**DATASET EXCERPTS:**
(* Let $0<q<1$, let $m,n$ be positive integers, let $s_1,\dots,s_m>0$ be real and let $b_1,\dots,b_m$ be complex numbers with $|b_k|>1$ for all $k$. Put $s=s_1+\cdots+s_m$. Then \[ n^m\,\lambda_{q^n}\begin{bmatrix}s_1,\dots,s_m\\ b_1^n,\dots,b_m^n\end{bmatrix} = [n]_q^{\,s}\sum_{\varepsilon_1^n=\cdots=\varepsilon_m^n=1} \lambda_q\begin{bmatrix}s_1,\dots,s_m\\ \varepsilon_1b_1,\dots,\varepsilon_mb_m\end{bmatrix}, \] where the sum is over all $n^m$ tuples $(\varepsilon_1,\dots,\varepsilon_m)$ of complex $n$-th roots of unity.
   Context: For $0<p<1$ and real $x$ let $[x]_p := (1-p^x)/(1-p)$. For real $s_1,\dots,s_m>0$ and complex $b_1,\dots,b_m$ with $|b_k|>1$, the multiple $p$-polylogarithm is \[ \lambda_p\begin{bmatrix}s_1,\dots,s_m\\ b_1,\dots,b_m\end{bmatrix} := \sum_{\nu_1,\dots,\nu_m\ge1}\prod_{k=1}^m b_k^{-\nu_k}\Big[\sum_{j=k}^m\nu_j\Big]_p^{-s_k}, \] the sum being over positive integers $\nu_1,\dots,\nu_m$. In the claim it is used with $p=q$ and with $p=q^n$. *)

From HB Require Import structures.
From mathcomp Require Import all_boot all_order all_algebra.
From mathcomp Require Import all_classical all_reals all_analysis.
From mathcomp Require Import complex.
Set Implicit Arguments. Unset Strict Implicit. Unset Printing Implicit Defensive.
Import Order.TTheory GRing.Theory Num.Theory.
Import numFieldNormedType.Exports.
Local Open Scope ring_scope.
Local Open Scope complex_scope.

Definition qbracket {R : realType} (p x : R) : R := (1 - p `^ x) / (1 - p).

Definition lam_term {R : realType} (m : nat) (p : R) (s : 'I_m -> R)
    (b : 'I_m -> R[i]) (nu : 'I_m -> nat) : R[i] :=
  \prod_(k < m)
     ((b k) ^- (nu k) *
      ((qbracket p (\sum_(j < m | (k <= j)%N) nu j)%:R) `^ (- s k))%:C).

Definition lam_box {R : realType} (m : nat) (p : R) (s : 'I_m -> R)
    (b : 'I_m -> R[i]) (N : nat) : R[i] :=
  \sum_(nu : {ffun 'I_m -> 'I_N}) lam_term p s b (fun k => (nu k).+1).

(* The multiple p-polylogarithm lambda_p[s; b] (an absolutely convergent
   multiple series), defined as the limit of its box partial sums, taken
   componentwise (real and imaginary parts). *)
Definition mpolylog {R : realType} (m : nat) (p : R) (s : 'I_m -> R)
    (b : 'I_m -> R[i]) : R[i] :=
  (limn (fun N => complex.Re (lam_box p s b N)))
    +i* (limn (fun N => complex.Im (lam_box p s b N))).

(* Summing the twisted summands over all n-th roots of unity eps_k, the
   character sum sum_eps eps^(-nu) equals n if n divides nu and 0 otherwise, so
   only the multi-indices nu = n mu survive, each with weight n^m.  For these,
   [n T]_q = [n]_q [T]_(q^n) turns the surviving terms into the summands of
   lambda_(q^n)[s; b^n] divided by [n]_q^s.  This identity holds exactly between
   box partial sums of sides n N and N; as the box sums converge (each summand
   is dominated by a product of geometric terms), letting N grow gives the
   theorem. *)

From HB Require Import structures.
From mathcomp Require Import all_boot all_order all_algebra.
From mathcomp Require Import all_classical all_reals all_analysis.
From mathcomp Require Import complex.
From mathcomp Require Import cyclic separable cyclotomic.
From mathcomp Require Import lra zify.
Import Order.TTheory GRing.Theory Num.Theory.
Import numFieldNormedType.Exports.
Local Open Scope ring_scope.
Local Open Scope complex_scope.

* * *

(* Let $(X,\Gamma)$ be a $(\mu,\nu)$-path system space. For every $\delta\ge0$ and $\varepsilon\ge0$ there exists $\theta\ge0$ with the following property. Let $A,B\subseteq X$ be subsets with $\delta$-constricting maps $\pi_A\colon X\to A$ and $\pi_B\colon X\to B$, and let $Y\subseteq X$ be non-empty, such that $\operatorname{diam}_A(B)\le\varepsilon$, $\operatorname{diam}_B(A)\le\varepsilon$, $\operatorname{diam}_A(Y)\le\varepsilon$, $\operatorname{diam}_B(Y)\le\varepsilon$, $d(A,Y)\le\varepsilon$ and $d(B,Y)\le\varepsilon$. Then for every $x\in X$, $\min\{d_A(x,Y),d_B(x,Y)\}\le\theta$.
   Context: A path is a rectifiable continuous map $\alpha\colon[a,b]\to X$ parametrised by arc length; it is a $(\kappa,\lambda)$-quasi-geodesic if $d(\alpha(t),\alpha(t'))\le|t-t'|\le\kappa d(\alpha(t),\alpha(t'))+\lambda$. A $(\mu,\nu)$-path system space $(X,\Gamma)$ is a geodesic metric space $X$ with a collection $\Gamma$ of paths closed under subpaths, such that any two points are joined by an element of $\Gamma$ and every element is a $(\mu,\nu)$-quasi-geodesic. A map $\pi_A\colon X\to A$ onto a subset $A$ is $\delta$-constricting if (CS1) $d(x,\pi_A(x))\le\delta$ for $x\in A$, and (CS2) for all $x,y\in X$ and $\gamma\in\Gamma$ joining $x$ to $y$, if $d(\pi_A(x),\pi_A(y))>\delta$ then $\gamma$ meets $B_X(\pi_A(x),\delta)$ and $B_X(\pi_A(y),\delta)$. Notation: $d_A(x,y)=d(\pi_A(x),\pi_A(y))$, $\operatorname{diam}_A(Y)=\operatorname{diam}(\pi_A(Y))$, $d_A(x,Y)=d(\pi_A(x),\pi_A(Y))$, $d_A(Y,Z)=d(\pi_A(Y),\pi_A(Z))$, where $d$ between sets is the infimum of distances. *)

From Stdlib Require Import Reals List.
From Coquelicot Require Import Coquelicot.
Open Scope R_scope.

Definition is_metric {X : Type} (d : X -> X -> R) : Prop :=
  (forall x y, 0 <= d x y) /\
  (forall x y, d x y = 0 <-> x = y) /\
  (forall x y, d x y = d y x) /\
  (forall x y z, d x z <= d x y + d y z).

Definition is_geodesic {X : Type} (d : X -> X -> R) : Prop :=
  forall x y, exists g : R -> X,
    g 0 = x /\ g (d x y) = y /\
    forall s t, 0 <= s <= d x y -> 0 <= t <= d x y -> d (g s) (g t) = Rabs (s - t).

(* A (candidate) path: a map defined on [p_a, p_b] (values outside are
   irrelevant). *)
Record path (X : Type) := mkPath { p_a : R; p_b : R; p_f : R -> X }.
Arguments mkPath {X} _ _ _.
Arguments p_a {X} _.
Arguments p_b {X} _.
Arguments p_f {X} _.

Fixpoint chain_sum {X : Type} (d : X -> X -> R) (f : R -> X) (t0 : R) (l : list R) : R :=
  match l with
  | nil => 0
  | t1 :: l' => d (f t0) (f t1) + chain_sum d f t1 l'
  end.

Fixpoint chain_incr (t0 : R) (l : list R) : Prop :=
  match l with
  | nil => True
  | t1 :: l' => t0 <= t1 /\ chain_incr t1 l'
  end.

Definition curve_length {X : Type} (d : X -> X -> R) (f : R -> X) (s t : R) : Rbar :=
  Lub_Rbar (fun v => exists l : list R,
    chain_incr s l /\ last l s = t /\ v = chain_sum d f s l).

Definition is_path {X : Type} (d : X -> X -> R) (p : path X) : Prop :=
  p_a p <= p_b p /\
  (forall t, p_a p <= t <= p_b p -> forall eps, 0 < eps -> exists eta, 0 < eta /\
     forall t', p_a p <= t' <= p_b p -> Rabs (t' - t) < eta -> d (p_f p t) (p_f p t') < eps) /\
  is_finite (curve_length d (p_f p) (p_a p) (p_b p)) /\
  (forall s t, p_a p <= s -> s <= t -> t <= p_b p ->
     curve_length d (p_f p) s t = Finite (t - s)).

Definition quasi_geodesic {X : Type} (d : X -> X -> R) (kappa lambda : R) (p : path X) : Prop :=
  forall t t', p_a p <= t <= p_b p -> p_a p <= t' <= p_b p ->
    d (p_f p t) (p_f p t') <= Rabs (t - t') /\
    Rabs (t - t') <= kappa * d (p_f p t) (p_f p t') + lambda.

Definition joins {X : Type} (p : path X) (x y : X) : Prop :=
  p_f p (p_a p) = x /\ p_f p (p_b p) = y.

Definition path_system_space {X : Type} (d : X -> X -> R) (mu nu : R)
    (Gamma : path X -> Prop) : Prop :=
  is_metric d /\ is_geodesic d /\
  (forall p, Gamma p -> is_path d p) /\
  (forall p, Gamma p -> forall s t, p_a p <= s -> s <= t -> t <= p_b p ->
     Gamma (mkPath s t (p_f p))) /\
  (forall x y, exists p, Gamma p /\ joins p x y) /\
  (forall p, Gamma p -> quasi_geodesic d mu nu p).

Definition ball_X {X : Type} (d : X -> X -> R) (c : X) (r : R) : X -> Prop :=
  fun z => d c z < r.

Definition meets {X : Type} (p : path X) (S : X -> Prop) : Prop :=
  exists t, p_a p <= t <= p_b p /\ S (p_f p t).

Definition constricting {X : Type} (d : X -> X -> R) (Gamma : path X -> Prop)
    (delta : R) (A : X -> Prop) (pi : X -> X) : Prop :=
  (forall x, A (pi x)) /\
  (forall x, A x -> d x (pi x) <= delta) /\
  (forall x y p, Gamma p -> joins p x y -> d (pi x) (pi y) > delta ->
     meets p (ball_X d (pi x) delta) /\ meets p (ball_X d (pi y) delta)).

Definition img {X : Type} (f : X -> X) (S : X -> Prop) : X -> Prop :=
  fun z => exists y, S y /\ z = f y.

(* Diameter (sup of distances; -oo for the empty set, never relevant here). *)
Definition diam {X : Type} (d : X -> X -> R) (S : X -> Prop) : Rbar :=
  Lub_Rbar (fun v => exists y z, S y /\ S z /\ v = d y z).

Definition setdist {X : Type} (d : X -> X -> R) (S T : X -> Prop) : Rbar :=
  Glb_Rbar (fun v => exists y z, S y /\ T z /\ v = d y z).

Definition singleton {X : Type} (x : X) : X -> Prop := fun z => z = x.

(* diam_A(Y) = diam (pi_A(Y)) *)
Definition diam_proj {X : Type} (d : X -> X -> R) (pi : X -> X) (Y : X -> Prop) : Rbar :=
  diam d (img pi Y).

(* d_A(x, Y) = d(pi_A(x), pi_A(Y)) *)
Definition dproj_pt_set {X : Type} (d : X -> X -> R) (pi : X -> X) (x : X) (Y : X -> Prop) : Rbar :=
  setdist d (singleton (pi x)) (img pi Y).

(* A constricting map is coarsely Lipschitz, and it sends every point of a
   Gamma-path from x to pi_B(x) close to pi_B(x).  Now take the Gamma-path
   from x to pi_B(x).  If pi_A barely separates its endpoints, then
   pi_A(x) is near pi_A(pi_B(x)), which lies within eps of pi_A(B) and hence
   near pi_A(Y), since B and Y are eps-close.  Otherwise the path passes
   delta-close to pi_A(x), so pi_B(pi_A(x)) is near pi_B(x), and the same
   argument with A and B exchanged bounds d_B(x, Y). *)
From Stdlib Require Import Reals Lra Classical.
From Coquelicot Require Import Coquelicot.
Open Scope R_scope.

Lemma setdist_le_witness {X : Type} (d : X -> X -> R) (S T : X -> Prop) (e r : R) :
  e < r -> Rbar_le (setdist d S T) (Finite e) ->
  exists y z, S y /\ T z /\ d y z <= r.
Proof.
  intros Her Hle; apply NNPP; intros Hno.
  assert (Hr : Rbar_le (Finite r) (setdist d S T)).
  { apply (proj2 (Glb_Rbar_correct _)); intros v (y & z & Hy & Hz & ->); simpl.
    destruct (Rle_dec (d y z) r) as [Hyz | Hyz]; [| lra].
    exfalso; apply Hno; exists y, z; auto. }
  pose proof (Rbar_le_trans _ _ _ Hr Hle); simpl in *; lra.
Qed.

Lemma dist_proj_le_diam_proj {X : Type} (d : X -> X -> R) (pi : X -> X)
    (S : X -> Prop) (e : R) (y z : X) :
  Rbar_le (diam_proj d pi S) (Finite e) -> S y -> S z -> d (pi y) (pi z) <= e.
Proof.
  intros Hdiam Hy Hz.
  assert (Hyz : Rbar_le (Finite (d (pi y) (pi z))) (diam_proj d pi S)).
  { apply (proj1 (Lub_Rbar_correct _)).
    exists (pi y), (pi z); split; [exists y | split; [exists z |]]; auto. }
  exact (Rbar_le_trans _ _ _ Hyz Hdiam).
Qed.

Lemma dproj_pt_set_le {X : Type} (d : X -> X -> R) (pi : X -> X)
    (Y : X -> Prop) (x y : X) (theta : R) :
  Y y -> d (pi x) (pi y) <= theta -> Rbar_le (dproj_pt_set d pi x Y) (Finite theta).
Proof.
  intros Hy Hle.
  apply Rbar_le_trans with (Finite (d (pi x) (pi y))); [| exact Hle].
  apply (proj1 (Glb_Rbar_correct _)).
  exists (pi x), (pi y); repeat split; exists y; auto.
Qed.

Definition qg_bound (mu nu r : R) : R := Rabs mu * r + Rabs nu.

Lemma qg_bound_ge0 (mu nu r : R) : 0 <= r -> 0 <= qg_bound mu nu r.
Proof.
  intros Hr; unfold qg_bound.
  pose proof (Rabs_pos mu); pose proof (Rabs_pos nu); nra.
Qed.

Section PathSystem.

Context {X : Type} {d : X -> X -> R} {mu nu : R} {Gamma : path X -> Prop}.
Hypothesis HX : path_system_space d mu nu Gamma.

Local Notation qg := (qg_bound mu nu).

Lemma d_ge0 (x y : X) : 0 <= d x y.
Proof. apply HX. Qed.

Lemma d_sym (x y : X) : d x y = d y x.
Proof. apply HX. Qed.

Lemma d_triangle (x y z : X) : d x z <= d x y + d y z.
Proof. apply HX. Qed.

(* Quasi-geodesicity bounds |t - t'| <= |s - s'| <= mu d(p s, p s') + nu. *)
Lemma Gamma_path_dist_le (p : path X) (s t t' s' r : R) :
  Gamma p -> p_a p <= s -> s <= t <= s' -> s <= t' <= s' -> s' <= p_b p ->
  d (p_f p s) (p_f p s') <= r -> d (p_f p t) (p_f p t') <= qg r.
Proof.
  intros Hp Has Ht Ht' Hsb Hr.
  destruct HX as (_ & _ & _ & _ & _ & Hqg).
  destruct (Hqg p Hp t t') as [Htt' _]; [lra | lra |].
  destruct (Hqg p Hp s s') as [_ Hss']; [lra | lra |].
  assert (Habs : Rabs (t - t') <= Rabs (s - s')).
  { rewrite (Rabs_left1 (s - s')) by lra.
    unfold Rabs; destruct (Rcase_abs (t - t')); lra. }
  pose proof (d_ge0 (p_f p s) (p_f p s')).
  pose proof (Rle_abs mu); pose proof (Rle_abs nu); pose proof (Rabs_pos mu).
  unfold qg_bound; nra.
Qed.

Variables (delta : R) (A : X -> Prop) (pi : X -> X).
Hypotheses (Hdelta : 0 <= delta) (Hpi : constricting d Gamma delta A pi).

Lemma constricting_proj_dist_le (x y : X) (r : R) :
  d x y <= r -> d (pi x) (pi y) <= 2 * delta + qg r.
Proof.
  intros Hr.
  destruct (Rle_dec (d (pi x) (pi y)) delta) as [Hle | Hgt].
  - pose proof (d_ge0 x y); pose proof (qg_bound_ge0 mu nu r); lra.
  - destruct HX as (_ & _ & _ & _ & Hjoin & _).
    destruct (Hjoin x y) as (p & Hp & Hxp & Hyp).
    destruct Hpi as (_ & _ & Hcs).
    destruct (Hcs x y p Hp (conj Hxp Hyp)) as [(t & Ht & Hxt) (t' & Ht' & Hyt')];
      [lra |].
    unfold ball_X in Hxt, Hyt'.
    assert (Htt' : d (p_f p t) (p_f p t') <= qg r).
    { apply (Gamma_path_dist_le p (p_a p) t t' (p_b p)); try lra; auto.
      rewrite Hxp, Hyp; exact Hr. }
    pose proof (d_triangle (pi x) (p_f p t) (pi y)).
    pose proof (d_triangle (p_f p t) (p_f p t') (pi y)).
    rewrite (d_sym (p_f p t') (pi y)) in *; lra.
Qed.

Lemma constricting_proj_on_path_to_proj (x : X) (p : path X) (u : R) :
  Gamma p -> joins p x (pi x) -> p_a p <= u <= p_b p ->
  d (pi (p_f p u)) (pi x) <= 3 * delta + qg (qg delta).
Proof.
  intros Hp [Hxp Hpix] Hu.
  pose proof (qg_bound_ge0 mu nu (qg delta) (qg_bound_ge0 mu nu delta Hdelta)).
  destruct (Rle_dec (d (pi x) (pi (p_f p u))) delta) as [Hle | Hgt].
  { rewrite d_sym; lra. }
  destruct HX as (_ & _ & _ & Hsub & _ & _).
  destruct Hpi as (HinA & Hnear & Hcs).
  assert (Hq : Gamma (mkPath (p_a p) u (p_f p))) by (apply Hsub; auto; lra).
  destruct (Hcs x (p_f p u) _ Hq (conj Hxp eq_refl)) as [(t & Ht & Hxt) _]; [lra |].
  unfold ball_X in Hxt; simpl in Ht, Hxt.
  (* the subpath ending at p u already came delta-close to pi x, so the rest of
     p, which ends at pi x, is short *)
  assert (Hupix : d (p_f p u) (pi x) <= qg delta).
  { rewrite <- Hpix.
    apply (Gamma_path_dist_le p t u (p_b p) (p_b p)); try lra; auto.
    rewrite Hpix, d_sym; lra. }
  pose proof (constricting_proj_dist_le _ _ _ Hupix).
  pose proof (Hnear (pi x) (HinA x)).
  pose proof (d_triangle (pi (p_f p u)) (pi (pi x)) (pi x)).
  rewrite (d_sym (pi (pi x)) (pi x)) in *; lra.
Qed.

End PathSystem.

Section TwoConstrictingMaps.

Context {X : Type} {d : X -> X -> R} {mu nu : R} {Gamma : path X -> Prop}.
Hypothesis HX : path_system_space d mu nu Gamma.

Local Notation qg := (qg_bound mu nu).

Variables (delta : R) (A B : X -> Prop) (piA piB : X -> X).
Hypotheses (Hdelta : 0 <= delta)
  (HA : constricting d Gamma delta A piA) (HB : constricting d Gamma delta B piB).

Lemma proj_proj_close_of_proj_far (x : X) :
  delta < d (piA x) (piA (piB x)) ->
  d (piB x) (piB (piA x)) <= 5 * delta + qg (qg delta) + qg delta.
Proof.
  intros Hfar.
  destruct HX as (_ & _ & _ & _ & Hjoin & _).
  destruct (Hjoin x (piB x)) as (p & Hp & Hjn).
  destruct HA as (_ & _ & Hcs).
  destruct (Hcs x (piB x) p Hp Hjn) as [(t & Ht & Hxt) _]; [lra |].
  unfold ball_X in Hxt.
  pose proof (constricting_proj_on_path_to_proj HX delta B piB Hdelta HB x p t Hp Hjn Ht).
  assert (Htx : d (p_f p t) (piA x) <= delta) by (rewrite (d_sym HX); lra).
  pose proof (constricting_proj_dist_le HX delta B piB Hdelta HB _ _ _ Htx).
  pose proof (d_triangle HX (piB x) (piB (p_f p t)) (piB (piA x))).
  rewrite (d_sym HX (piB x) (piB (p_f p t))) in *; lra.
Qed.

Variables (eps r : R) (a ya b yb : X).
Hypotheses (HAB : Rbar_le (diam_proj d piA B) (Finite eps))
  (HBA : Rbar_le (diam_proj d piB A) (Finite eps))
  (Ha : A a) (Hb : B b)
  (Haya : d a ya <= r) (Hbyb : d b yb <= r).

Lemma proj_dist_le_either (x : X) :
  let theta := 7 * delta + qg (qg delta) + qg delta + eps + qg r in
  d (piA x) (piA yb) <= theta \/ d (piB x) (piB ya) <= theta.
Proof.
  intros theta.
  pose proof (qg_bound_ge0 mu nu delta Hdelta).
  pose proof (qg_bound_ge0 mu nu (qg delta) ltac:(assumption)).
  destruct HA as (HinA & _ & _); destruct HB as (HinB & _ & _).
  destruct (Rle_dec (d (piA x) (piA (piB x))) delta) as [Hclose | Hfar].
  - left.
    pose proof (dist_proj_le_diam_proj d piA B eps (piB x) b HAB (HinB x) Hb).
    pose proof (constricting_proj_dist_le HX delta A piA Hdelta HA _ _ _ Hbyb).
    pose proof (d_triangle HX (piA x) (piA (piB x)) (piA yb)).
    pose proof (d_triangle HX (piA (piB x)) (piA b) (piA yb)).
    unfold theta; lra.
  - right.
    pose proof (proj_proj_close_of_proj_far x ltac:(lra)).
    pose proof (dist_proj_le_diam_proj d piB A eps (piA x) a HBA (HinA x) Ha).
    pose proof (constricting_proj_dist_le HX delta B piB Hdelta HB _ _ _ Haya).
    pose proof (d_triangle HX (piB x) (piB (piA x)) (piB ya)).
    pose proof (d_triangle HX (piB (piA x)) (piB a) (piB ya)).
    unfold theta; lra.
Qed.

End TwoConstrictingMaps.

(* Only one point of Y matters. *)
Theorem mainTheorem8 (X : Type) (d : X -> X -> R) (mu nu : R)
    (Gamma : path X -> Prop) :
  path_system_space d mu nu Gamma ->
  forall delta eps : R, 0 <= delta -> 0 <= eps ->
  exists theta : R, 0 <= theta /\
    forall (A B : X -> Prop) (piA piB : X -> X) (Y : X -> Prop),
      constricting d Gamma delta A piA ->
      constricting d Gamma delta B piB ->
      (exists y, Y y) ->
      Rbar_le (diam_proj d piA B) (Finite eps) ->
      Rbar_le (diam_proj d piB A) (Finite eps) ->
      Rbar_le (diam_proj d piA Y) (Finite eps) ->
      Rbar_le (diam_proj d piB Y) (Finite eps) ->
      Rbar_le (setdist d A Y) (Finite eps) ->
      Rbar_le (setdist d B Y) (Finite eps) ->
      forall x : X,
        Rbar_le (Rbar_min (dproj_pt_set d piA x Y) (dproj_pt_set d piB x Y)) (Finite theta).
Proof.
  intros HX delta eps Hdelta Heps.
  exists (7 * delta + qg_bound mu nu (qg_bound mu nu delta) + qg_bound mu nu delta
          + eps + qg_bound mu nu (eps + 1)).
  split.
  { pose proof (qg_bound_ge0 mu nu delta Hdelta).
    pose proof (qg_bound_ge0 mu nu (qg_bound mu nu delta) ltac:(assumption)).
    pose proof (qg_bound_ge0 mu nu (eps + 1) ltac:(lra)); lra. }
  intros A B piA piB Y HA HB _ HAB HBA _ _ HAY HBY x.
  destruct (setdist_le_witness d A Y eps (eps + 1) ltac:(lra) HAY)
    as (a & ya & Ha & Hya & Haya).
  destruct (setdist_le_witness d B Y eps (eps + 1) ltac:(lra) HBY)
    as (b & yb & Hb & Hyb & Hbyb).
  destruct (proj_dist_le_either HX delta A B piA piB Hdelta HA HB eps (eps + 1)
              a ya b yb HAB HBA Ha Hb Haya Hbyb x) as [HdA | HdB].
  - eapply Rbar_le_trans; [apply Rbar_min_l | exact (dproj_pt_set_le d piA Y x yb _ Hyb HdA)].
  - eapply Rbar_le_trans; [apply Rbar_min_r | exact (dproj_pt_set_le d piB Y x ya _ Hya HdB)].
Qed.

**TASK GOAL:** Look above for the line with "path X) (S : X" and the line with "(forall x, A (pi x)) /\"; transcribe both and all lines in between, exactly, and nothing else.

**YOUR RESPONSE:**
Definition meets {X : Type} (p : path X) (S : X -> Prop) : Prop :=
  exists t, p_a p <= t <= p_b p /\ S (p_f p t).

Definition constricting {X : Type} (d : X -> X -> R) (Gamma : path X -> Prop)
    (delta : R) (A : X -> Prop) (pi : X -> X) : Prop :=
  (forall x, A (pi x)) /\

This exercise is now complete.